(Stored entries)
▼
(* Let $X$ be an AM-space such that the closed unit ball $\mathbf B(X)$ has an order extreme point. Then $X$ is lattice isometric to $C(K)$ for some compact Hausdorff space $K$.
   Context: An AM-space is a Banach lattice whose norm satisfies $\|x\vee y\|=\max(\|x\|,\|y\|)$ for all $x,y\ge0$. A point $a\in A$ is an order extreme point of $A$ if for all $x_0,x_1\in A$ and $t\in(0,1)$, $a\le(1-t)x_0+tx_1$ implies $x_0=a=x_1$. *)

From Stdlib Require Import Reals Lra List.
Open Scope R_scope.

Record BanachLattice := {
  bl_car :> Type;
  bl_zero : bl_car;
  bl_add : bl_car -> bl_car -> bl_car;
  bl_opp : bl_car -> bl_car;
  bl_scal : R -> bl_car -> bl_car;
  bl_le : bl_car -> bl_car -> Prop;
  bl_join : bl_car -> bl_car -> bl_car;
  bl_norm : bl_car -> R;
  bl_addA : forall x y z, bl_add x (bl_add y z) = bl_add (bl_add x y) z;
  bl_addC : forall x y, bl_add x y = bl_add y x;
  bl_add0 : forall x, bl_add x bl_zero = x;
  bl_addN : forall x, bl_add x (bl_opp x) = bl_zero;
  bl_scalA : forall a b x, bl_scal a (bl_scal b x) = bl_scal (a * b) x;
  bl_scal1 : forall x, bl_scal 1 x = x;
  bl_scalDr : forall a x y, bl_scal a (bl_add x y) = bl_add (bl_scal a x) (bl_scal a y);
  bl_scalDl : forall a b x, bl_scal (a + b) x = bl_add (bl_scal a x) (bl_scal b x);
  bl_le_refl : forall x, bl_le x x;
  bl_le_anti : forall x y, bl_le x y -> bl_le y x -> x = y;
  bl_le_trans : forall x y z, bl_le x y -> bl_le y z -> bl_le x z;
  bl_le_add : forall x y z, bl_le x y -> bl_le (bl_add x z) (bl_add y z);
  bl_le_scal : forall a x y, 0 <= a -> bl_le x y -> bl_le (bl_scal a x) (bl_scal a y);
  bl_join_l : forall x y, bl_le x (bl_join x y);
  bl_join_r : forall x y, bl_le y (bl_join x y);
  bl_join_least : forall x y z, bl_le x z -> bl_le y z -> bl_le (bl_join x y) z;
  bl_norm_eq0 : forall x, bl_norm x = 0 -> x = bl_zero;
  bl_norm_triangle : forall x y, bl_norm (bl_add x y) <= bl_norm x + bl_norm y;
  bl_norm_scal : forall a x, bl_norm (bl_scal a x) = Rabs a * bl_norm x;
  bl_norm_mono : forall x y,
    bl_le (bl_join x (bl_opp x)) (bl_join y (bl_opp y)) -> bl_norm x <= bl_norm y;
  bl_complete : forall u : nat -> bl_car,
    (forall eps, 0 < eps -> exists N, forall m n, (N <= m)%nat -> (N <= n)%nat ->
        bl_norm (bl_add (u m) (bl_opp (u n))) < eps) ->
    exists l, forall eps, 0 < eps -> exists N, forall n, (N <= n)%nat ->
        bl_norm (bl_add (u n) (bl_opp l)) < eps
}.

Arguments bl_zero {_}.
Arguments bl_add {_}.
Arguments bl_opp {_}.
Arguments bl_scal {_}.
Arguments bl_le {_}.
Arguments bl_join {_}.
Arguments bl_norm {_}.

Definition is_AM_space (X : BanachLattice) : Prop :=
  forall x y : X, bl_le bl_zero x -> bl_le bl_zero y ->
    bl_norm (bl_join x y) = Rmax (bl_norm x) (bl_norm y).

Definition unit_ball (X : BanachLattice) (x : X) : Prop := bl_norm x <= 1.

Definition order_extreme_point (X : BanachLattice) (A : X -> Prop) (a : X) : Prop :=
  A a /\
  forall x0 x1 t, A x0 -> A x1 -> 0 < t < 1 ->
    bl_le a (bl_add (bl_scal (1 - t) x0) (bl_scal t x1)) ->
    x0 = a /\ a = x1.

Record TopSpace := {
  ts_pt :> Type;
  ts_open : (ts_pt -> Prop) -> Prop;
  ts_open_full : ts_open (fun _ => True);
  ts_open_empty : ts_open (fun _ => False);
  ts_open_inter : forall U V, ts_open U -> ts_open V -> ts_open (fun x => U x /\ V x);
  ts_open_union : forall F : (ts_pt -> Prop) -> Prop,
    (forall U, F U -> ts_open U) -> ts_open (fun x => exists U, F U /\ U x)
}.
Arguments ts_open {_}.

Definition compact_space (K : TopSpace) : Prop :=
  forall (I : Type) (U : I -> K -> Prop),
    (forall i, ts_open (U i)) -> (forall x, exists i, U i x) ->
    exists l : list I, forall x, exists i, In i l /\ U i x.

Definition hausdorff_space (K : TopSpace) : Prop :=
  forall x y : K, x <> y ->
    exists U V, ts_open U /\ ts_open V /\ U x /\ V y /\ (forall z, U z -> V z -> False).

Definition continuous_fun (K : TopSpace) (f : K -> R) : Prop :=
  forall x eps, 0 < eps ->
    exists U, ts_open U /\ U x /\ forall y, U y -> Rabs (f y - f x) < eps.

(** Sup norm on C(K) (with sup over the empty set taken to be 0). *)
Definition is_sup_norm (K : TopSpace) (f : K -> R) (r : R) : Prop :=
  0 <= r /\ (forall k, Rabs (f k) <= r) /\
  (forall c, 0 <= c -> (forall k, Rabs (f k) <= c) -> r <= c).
▲
▼
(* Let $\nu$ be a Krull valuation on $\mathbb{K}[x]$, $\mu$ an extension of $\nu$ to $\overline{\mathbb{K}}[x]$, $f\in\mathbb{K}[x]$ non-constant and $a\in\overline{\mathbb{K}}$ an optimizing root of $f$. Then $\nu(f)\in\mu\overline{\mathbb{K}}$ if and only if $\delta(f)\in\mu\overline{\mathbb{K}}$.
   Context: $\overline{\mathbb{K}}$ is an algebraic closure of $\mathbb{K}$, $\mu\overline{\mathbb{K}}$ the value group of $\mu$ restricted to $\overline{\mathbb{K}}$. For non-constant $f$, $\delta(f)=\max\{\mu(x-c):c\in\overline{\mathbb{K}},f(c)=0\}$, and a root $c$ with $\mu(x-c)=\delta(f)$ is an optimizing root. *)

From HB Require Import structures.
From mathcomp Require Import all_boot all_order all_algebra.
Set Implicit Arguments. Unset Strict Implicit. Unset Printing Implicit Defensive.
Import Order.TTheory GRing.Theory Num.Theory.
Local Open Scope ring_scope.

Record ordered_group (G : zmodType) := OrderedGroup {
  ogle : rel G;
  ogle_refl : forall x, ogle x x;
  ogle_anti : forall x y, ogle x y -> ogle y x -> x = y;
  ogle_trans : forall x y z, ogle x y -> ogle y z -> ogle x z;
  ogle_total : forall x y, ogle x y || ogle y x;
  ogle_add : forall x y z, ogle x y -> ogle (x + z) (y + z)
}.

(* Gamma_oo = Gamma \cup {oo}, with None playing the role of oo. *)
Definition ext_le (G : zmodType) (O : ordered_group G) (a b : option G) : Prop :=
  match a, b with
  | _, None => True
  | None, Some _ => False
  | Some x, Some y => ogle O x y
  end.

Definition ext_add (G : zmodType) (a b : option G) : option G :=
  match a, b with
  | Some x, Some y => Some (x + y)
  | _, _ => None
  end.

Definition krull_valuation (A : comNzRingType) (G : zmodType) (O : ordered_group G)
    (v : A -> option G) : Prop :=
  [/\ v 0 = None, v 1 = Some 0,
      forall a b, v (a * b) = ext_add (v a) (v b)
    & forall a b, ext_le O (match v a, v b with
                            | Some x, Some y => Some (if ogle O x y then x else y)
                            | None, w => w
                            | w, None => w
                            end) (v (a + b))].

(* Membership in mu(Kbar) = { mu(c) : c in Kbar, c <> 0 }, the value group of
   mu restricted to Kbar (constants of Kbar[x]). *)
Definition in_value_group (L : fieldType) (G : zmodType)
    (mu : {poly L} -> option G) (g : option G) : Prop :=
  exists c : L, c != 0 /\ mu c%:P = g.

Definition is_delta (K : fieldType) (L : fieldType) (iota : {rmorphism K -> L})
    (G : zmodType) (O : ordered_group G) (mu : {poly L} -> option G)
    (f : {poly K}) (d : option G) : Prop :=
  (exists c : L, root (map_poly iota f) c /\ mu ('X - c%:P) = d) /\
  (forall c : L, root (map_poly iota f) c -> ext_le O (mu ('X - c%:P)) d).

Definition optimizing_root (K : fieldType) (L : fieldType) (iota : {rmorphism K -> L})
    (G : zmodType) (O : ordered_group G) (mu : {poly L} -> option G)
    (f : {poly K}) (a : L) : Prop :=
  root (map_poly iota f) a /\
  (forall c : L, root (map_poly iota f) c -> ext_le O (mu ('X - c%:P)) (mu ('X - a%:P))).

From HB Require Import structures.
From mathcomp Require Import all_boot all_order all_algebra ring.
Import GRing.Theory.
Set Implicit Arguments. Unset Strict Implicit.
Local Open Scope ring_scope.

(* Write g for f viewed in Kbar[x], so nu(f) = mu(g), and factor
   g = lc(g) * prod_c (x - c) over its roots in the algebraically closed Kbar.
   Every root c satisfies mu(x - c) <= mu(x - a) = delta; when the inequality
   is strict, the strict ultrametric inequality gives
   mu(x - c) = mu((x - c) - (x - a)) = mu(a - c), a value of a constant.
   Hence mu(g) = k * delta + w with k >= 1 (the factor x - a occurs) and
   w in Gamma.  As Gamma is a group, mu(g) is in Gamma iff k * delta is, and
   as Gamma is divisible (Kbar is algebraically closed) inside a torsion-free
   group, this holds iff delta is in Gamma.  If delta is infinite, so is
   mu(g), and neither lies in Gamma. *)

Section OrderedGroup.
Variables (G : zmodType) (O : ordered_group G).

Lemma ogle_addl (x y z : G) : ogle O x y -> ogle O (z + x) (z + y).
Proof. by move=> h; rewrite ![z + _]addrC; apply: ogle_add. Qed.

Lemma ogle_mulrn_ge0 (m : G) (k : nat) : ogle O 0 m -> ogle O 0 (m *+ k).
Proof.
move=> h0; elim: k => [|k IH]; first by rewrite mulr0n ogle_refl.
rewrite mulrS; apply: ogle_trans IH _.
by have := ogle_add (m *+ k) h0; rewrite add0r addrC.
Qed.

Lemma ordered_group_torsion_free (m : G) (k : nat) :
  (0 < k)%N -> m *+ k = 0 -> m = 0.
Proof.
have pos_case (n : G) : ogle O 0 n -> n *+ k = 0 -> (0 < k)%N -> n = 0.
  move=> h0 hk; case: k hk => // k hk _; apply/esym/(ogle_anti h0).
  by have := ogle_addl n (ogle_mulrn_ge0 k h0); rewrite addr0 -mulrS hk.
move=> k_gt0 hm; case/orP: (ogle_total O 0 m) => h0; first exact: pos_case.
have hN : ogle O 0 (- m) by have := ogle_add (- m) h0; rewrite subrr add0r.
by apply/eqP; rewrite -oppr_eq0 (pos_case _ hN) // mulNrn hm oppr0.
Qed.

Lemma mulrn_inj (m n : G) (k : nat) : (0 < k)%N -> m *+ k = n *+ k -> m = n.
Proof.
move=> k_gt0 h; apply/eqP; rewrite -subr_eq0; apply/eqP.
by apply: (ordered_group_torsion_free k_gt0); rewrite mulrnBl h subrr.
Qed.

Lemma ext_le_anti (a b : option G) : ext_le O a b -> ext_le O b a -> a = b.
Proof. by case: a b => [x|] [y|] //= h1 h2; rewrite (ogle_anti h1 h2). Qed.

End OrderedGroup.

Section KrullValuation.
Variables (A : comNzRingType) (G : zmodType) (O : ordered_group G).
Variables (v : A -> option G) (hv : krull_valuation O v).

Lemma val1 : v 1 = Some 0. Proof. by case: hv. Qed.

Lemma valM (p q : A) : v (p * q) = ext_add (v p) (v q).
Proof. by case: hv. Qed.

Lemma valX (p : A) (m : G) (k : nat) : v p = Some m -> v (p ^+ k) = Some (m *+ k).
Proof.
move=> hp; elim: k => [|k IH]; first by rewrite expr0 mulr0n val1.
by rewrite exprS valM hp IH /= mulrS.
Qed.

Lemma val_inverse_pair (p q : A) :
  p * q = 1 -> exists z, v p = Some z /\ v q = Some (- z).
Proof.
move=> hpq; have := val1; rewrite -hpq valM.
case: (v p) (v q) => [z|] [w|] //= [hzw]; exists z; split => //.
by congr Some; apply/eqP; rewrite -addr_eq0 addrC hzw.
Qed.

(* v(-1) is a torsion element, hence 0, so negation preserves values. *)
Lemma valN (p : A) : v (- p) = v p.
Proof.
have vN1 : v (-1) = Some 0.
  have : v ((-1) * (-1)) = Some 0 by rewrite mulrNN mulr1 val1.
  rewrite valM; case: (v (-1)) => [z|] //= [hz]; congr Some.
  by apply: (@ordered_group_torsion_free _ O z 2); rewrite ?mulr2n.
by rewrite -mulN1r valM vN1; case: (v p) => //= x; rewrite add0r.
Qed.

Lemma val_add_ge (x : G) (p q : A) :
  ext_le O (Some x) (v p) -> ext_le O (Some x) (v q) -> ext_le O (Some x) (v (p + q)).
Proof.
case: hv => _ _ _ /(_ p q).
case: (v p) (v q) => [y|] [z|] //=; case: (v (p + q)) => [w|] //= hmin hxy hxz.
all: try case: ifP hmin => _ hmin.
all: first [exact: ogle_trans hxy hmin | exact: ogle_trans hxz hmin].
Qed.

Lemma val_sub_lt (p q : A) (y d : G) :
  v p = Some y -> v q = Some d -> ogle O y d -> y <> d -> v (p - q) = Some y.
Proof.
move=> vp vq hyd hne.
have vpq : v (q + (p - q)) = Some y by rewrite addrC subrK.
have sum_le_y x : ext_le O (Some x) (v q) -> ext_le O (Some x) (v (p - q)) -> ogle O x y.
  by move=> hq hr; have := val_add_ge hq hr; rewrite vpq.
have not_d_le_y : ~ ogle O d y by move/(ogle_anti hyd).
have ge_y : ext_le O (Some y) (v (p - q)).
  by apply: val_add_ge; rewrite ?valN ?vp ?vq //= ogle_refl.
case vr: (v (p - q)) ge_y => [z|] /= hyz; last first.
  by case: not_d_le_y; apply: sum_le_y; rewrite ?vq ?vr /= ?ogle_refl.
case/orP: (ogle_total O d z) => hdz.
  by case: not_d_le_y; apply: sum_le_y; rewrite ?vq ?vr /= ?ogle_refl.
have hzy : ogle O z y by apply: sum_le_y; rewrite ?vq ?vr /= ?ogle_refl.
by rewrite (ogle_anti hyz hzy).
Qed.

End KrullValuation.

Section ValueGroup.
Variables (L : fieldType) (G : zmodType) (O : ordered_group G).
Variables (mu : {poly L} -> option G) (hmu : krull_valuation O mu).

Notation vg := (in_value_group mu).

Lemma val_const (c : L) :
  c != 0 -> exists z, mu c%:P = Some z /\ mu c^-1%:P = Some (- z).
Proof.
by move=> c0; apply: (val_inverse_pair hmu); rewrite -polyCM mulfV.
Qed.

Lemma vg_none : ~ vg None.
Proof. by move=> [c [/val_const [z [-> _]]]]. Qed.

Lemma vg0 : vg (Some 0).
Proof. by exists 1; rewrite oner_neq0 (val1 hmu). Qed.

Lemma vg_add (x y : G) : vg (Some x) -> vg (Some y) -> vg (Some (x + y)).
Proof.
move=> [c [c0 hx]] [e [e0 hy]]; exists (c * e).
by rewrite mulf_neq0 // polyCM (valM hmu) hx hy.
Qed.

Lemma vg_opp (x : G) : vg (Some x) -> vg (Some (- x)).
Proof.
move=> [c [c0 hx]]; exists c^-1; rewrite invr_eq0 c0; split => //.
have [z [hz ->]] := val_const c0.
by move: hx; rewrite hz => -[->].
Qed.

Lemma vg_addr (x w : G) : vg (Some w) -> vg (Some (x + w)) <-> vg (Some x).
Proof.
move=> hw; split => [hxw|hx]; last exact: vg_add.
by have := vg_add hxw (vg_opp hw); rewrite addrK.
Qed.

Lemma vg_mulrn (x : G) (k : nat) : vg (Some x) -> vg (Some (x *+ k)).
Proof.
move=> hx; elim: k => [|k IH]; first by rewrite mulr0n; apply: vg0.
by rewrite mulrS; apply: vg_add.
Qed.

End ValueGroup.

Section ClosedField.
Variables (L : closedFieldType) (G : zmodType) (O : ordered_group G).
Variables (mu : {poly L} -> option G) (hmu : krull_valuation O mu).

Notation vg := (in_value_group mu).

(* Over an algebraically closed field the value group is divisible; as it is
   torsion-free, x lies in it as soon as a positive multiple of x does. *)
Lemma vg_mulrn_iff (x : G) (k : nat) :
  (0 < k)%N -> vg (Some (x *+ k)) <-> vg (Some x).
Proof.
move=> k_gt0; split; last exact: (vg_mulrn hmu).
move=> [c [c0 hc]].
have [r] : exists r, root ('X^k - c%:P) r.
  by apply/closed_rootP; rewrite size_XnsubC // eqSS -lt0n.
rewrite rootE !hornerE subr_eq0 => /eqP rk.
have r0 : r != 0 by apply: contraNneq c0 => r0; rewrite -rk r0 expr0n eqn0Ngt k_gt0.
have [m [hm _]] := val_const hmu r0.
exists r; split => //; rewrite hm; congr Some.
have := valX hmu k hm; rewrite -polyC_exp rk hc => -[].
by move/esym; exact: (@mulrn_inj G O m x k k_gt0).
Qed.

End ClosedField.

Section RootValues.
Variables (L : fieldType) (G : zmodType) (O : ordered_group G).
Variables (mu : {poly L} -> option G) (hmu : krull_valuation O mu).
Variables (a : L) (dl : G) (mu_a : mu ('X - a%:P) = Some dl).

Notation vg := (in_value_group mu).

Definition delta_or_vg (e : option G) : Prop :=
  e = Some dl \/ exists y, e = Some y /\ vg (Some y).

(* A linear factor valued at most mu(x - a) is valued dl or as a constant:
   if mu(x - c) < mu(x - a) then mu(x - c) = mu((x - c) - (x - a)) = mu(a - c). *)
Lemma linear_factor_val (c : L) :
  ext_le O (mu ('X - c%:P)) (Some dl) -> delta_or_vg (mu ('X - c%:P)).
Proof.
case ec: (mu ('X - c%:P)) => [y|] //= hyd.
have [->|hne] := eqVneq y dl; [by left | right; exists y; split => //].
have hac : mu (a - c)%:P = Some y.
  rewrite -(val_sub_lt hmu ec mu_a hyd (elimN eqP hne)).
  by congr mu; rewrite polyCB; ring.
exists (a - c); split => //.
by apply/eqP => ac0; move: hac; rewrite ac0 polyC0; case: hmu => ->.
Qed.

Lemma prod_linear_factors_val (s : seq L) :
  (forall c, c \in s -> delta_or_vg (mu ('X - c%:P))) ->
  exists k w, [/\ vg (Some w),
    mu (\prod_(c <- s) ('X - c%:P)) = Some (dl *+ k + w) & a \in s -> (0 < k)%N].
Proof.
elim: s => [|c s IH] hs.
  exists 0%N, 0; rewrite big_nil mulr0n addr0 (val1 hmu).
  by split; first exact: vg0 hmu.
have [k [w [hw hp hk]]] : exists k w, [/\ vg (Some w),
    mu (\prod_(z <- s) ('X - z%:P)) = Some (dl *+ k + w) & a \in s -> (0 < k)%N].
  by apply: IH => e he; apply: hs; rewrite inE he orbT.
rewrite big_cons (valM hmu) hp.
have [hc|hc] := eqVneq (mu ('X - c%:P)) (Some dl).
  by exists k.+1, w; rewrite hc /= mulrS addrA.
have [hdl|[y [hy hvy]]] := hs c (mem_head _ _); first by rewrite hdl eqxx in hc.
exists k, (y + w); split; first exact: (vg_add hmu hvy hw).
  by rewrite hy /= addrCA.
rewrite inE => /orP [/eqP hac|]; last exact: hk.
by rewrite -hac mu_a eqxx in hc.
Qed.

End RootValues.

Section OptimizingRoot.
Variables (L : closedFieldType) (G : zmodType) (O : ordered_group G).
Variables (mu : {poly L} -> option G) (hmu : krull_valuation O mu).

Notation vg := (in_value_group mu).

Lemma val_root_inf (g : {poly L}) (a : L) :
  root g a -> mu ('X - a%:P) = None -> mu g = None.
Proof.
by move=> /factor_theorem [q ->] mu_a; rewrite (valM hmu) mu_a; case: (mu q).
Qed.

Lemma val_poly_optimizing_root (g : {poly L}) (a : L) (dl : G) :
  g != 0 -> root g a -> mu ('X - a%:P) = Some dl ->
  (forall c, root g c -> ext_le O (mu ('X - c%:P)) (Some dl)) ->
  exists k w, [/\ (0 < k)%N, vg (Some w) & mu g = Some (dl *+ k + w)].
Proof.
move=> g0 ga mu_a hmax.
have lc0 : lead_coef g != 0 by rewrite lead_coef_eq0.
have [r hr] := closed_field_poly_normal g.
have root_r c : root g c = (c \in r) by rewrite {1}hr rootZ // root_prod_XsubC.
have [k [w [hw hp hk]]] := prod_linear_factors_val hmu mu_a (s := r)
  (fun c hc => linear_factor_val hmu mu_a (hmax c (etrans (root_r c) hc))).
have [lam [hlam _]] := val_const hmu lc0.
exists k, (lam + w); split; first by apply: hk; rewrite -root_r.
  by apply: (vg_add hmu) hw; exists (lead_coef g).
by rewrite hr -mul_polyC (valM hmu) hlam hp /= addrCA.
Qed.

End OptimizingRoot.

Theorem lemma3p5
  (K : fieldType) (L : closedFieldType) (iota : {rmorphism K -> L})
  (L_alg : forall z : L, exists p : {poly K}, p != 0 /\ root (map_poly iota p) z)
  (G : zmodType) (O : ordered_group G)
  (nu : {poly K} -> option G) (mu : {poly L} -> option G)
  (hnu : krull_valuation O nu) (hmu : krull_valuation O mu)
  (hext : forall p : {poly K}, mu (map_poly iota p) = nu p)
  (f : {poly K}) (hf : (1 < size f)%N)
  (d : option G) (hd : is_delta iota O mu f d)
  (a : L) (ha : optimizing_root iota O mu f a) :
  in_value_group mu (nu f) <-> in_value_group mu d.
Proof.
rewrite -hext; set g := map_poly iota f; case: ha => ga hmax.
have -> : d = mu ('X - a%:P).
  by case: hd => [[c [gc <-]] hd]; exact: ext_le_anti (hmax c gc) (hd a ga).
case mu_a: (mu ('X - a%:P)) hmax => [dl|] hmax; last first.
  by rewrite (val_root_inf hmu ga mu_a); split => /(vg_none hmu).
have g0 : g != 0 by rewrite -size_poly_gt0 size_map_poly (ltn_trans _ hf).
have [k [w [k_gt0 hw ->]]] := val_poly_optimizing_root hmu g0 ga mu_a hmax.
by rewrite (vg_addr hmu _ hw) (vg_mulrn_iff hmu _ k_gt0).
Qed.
▲
Filter the records for the string "eqxx" and copy every line that holds it.

have [hdl|[y [hy hvy]]] := hs c (mem_head _ _); first by rewrite hdl eqxx in hc.
by rewrite -hac mu_a eqxx in hc.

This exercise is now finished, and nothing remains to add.